Weighted regression assumes that some response values are more precise than others. #StatWisdom
Click To Tweet


For example, the following SAS data set defines (x,y) values and weights (w) for 11 observations. Observations whose X value is close to x=10 have relatively large weights. Observations far from x=10 have small weights. The last observation (x=14) is assigned a weight of zero, which means that it will be completely excluded from the analysis.

data RegData;
input y x w;
datalines;
2.3  7.4  0.058 
3.0  7.6  0.073 
2.9  8.2  0.114 
4.8  9.0  0.144 
1.3 10.4  0.151 
3.6 11.7  0.119 
2.3 11.7  0.119 
4.6 11.8  0.114 
3.0 12.4  0.073 
5.4 12.9  0.035 
6.4 14.0  0 
;

You can use PROC SGPLOT to visualize the observations and weights.

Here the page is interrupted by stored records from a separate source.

Definition fire_count (ms : list move) (k : nat) (s : Z) : Z :=
  Z.of_nat (length (filter (fun i => fire_site ms i =? s) (seq 0 k))).

Lemma fire_count_0 (ms : list move) (s : Z) : fire_count ms 0 s = 0.
Proof. reflexivity. Qed.

Lemma fire_count_succ (ms : list move) (k : nat) (s : Z) :
  fire_count ms (S k) s = fire_count ms k s + Z.b2z (fire_site ms k =? s).
Proof.
  unfold fire_count; rewrite seq_S, Nat.add_0_l, filter_app, length_app; cbn [filter].
  destruct (fire_site ms k =? s); cbn [length Z.b2z]; lia.
Qed.

Lemma fire_count_nonneg (ms : list move) (k : nat) (s : Z) : 0 <= fire_count ms k s.
Proof. unfold fire_count; lia. Qed.

Lemma fire_count_mono (ms : list move) (k k' : nat) (s : Z) :
  (k <= k')%nat -> fire_count ms k s <= fire_count ms k' s.
Proof.
  induction 1 as [|k' _ IH]; [lia|].
  rewrite fire_count_succ; destruct (fire_site ms k' =? s); cbn [Z.b2z]; lia.
Qed.

Definition chips_before (m : nat) (ms : list move) (k : nat) (s : Z) : Z :=
  Z.of_nat (chips_at m (config_before ms k) s).

Definition remaining (m : nat) (ms : list move) (k : nat) (s : Z) : Z :=
  final_odometer m s - fire_count ms k s.

Lemma remaining_antitone (m : nat) (ms : list move) (k k' : nat) (s : Z) :
  (k <= k')%nat -> remaining m ms k' s <= remaining m ms k s.
Proof. intros Hkk'; unfold remaining; pose proof (fire_count_mono ms k k' s Hkk'); lia. Qed.
(* Let $\varepsilon\in\{1,-1\}$, let $\mathbb{M}^2(\varepsilon)$ be $\mathbb{S}^2$ if $\varepsilon=1$ and $\mathbb{H}^2$ if $\varepsilon=-1$, and let $\psi:S\to\mathbb{M}^2(\varepsilon)\times\mathbb{R}$ be an immersed surface with constant extrinsic curvature $K>0$, normal $N$ chosen so that $II$ is positive definite. For a local conformal parameter $z$ of $II$, with $I=E\,dz^2+2F|dz|^2+\bar E\,d\bar z^2$, define $Q=E+g(\nu)h_z^2$. Then $$|Q_{\bar z}|^2\le\frac{K\,g'(\nu)^2(1-\nu^2)^2|h_z|^2}{4\chi(\nu)}\,|Q|^2.$$
   Context: $\mathbb{M}^2(\varepsilon)\times\mathbb{R}$ carries the product metric; $h$ is the height function, $\nu=\langle N,\partial_t\rangle$. The real analytic functions $g,\chi$ are $$g(\nu)=\frac{\nu^2-1+\varepsilon K\left(e^{\varepsilon(1-\nu^2)/K}-1\right)}{(1-\nu^2)^2},\qquad \chi(\nu)=\frac{\varepsilon K\left(e^{\varepsilon(1-\nu^2)/K}-1\right)}{1-\nu^2}$$ (extended analytically to $\nu=\pm1$; $\chi>0$ on $[-1,1]$). $Q\,dz^2$ is the $(2,0)$-part, with respect to the conformal structure of $II$, of the quadratic form $A=I+g(\nu)\,dh^2$. *)

From Stdlib Require Import Reals List.
From Coquelicot Require Import Coquelicot.
Open Scope R_scope.

(** With s = 1 - nu^2, both are given by the formulas of the paper for s <> 0
    and by their (removable-singularity) analytic values at s = 0, i.e. nu = +-1:
    g(+-1) = eps/(2K), chi(+-1) = 1. *)
Definition gfun (eps K nu : R) : R :=
  let s := 1 - nu ^ 2 in
  if Req_EM_T s 0 then eps / (2 * K)
  else (nu ^ 2 - 1 + eps * K * (exp (eps * s / K) - 1)) / (s ^ 2).

Definition chifun (eps K nu : R) : R :=
  let s := 1 - nu ^ 2 in
  if Req_EM_T s 0 then 1
  else eps * K * (exp (eps * s / K) - 1) / s.

Definition pu (f : R -> R -> R) (u v : R) : R := Derive (fun s => f s v) u.
Definition pv (f : R -> R -> R) (u v : R) : R := Derive (fun s => f u s) v.

Fixpoint dpart (ds : list bool) (f : R -> R -> R) : R -> R -> R :=
  match ds with
  | List.nil => f
  | List.cons d ds' => if d then pu (dpart ds' f) else pv (dpart ds' f)
  end.

Definition smooth_on (U : R * R -> Prop) (f : R -> R -> R) : Prop :=
  forall (ds : list bool) (u v : R), U (u, v) ->
    ex_derive (fun s => dpart ds f s v) u /\
    ex_derive (fun s => dpart ds f u s) v /\
    continuous (fun p : R * R => dpart ds f (fst p) (snd p)) (u, v).

(** Vectors of R^4 are maps nat -> R (components 0,1,2,3); component 3 is the
    R-factor (coordinate t).  M^2(1) = S^2 in Euclidean R^3, M^2(-1) = H^2 the
    upper sheet of the hyperboloid in Lorentz–Minkowski R^3_1.  The product
    metric of M^2(eps) x R is the restriction of the following form. *)
Definition ip (eps : R) (a b : nat -> R) : R :=
  a 0%nat * b 0%nat + a 1%nat * b 1%nat + eps * (a 2%nat * b 2%nat) + a 3%nat * b 3%nat.

Definition Du (F : nat -> R -> R -> R) (u v : R) : nat -> R := fun i => pu (F i) u v.
Definition Dv (F : nat -> R -> R -> R) (u v : R) : nat -> R := fun i => pv (F i) u v.
Definition Duu (F : nat -> R -> R -> R) (u v : R) : nat -> R := fun i => pu (pu (F i)) u v.
Definition Duv (F : nat -> R -> R -> R) (u v : R) : nat -> R := fun i => pv (pu (F i)) u v.
Definition Dvv (F : nat -> R -> R -> R) (u v : R) : nat -> R := fun i => pv (pv (F i)) u v.
Definition pt (F : nat -> R -> R -> R) (u v : R) : nat -> R := fun i => F i u v.

Definition I11 eps psi u v := ip eps (Du psi u v) (Du psi u v).
Definition I12 eps psi u v := ip eps (Du psi u v) (Dv psi u v).
Definition I22 eps psi u v := ip eps (Dv psi u v) (Dv psi u v).
Definition II11 eps psi (N : nat -> R -> R -> R) u v := ip eps (Duu psi u v) (pt N u v).
Definition II12 eps psi (N : nat -> R -> R -> R) u v := ip eps (Duv psi u v) (pt N u v).
Definition II22 eps psi (N : nat -> R -> R -> R) u v := ip eps (Dvv psi u v) (pt N u v).

Definition cec_chart (eps K : R) (U : R * R -> Prop)
    (psi N : nat -> R -> R -> R) : Prop :=
  open U /\
  (forall i, (i < 4)%nat -> smooth_on U (psi i) /\ smooth_on U (N i)) /\
  forall u v, U (u, v) ->
    psi 0%nat u v ^ 2 + psi 1%nat u v ^ 2 + eps * psi 2%nat u v ^ 2 = eps /\
    (eps = -1 -> 0 < psi 2%nat u v) /\
    0 < I11 eps psi u v * I22 eps psi u v - I12 eps psi u v ^ 2 /\
    ip eps (pt N u v) (pt N u v) = 1 /\
    N 0%nat u v * psi 0%nat u v + N 1%nat u v * psi 1%nat u v
      + eps * (N 2%nat u v * psi 2%nat u v) = 0 /\
    ip eps (pt N u v) (Du psi u v) = 0 /\
    ip eps (pt N u v) (Dv psi u v) = 0 /\
    0 < II11 eps psi N u v /\
    0 < II11 eps psi N u v * II22 eps psi N u v - II12 eps psi N u v ^ 2 /\
    (II11 eps psi N u v * II22 eps psi N u v - II12 eps psi N u v ^ 2)
      / (I11 eps psi u v * I22 eps psi u v - I12 eps psi u v ^ 2) = K /\
    II11 eps psi N u v = II22 eps psi N u v /\
    II12 eps psi N u v = 0.

Definition hgt (psi : nat -> R -> R -> R) : R -> R -> R := psi 3%nat.
Definition nuf (N : nat -> R -> R -> R) : R -> R -> R := N 3%nat.

(** E = I(d_z, d_z), with d_z = (d_u - i d_v)/2, so that
    I = E dz^2 + 2F |dz|^2 + conj(E) dzbar^2 *)
Definition Ecoef eps psi u v : C :=
  ((I11 eps psi u v - I22 eps psi u v) / 4, - I12 eps psi u v / 2).

Definition hz psi u v : C := (pu (hgt psi) u v / 2, - pv (hgt psi) u v / 2).

Definition Qf eps K psi N u v : C :=
  Cplus (Ecoef eps psi u v)
        (Cmult (RtoC (gfun eps K (nuf N u v))) (Cmult (hz psi u v) (hz psi u v))).

Definition Qzbar eps K psi N u v : C :=
  let qr := fun a b => fst (Qf eps K psi N a b) in
  let qi := fun a b => snd (Qf eps K psi N a b) in
  ((pu qr u v - pv qi u v) / 2, (pu qi u v + pv qr u v) / 2).

(* Write s = 1 - nu^2 and II = L (du^2 + dv^2).  Expanding the second derivatives of psi
   and the first derivatives of N in the frame (psi_u, psi_v, N, position vector of
   M^2(eps)) of R^4, and using the Codazzi equations (obtained by differentiating
   II_11 = II_22, II_12 = 0 and det II = K det I), every term of Q_zbar cancels except one,
   thanks to the ODE  g' s / 2 = 2 g nu - eps nu / K - eps g nu s / K  satisfied by g:
       Q_zbar = - (2 i K g'(nu) / L) Im(conj(h_z)^2 Q) h_z.
   As L^2 = K det I, the claim reduces to 16 chi Im(conj(h_z)^2 Q)^2 <= det I s^2 |Q|^2,
   a Lagrange-type identity for the form A = I + g dh^2, whose determinant is chi det I
   because |grad h|^2 = s. *)

From Stdlib Require Import Reals Lra Lia Psatz List.
From Coquelicot Require Import Coquelicot.
Open Scope R_scope.

(** * Diagonal forms and frames in R^4 *)

(* wdot eps 1 is the product metric ip of M^2(eps) x R; wdot eps 0 is the metric of the
   ambient R^3 or R^3_1 of M^2(eps). *)
Definition wdot (w c : R) (a b : nat -> R) : R :=
  a 0%nat * b 0%nat + a 1%nat * b 1%nat + w * (a 2%nat * b 2%nat) + c * (a 3%nat * b 3%nat).

Lemma ip_wdot eps a b : ip eps a b = wdot eps 1 a b.
Proof. unfold ip, wdot; ring. Qed.

Lemma wdot_sym w c a b : wdot w c a b = wdot w c b a.
Proof. unfold wdot; ring. Qed.

Lemma wdot_ext w c (a a' b b' : nat -> R) :
  (forall i, (i < 4)%nat -> a i = a' i) -> (forall i, (i < 4)%nat -> b i = b' i) ->
  wdot w c a b = wdot w c a' b'.
Proof.
  intros Ha Hb. unfold wdot.
  rewrite (Ha 0%nat), (Ha 1%nat), (Ha 2%nat), (Ha 3%nat),
          (Hb 0%nat), (Hb 1%nat), (Hb 2%nat), (Hb 3%nat) by lia.
  reflexivity.
Qed.

Lemma wdot_w0 w a b : wdot w 0 a b = wdot w 1 a b - a 3%nat * b 3%nat.
Proof. unfold wdot; ring. Qed.

Lemma ip_sym e x y : ip e x y = ip e y x.
Proof. unfold ip; ring. Qed.

Definition det3 a b c d e f g h i := a*(e*i - f*h) - b*(d*i - f*g) + c*(d*h - e*g).

Definition det4 (m : nat -> nat -> R) :=
  m 0%nat 0%nat * det3 (m 1%nat 1%nat) (m 1%nat 2%nat) (m 1%nat 3%nat)
                       (m 2%nat 1%nat) (m 2%nat 2%nat) (m 2%nat 3%nat)
                       (m 3%nat 1%nat) (m 3%nat 2%nat) (m 3%nat 3%nat)
  - m 0%nat 1%nat * det3 (m 1%nat 0%nat) (m 1%nat 2%nat) (m 1%nat 3%nat)
                         (m 2%nat 0%nat) (m 2%nat 2%nat) (m 2%nat 3%nat)
                         (m 3%nat 0%nat) (m 3%nat 2%nat) (m 3%nat 3%nat)
  + m 0%nat 2%nat * det3 (m 1%nat 0%nat) (m 1%nat 1%nat) (m 1%nat 3%nat)
                         (m 2%nat 0%nat) (m 2%nat 1%nat) (m 2%nat 3%nat)
                         (m 3%nat 0%nat) (m 3%nat 1%nat) (m 3%nat 3%nat)
  - m 0%nat 3%nat * det3 (m 1%nat 0%nat) (m 1%nat 1%nat) (m 1%nat 2%nat)
                         (m 2%nat 0%nat) (m 2%nat 1%nat) (m 2%nat 2%nat)
                         (m 3%nat 0%nat) (m 3%nat 1%nat) (m 3%nat 2%nat).

Lemma det4_gram_ip e (f : nat -> nat -> R) :
  det4 (fun i j => ip e (f i) (f j)) = e * det4 f ^ 2.
Proof. unfold det4, det3, ip. ring. Qed.

Lemma det4_kernel (f : nat -> nat -> R) (z : nat -> R) :
  det4 f <> 0 ->
  (forall i, (i < 4)%nat ->
     f i 0%nat * z 0%nat + f i 1%nat * z 1%nat + f i 2%nat * z 2%nat + f i 3%nat * z 3%nat = 0) ->
  forall k, (k < 4)%nat -> z k = 0.
Proof.
  intros Hd H k Hk.
  apply (Rmult_eq_reg_l (det4 f)); [rewrite Rmult_0_r | exact Hd].
  pose proof (H 0%nat ltac:(lia)) as H0. pose proof (H 1%nat ltac:(lia)) as H1.
  pose proof (H 2%nat ltac:(lia)) as H2. pose proof (H 3%nat ltac:(lia)) as H3.
  pose (r := fun i =>
    f i 0%nat * z 0%nat + f i 1%nat * z 1%nat + f i 2%nat * z 2%nat + f i 3%nat * z 3%nat).
  (* Cramer: replacing column k of f by r = f z multiplies the determinant by z k *)
  transitivity (det4 (fun i j => if Nat.eqb j k then r i else f i j)).
  all: assert (Ek : k = 0%nat \/ k = 1%nat \/ k = 2%nat \/ k = 3%nat) by lia.
  all: destruct Ek as [-> | [-> | [-> | ->]]]; unfold det4, det3; simpl; unfold r.
  all: try ring.
  all: rewrite H0, H1, H2, H3; ring.
Qed.

Definition frame4 (a b n p : nat -> R) (i : nat) : nat -> R :=
  match i with 0%nat => a | 1%nat => b | 2%nat => n | _ => p end.

Section Frame.

Variables (e : R) (a b n p : nat -> R).
Hypothesis He : e = 1 \/ e = -1.
Hypothesis Hnn : ip e n n = 1.
Hypothesis Hna : ip e n a = 0.
Hypothesis Hnb : ip e n b = 0.
Hypothesis Hnp : ip e n p = 0.
Hypothesis Hpa : ip e p a = 0.
Hypothesis Hpb : ip e p b = 0.
Hypothesis Hpp : ip e p p = e.
Hypothesis HD : 0 < ip e a a * ip e b b - ip e a b ^ 2.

In fact, PROC SGPLOT supports a REG statement that adds a regression line to the plot. The REG statement supports adding both weighted and unweighted regression lines:

proc sgplot data=RegData;
scatter x=x y=y / filledoutlinedmarkers markerattrs=(size=12 symbol=CircleFilled)
                colorresponse=w colormodel=TwoColorRamp;     /* color markers by weight */
reg x=x y=y / nomarkers legendlabel="Unweighted Regression"; /* usual OLS regression */
reg x=x y=y / weight=w nomarkers legendlabel="Weighted Regression"; /* weighted regression */
xaxis grid; yaxis grid;
run;
Weighted regression curves in PROC SGPLOT

Each marker is colored by its weight. Dark blue markers (observations for which 8 < x < 12) have relatively large weights. Light blue markers have small weights and do not affect the weighted regression model very much.

You can see the effect of the weights by comparing the weighted and unweighted regression lines. The unweighted regression line (in blue) is pulled upward by the observations near x=13 and x=14. These observations have small weights, so the weighted regression line (in red) is not pulled upwards.

Weighted regression by using PROC REG

If you want to compute parameter estimates and other statistics, you can use the REG procedure in SAS/STAT to run the weighted and unweighted regression models. The following statement run PROC REG twice: once without a WEIGHT statement and once with a WEIGHT statement:

proc reg data=RegData plots(only)=FitPlot;
   Unweighted: model y = x;
   ods select NObs ParameterEstimates  FitPlot;
quit;
 
proc reg data=RegData plots(only)=FitPlot;
   Weighted: model y = x;
   weight w;
   ods select NObs ParameterEstimates  FitPlot;
quit;

The output (not shown) indicates that the unweighted regression model is Y = -0.23 + 0.36*X. In contrast, the weighted regression model is Y = 2.3 + 0.085*X. This confirms that the slope of the weighted regression line is smaller than the slope of the unweighted line.

A weighted regression module in SAS/IML

You can read the SAS documentation to find the formulas that are used for a weighted OLS regression model. The formula for the parameter estimates is a weighted version of the normal equations: b = (X`WX)-1(X`WY), where Y is the vector of observed responses, X is the design matrix, and W is the diagonal matrix of weights.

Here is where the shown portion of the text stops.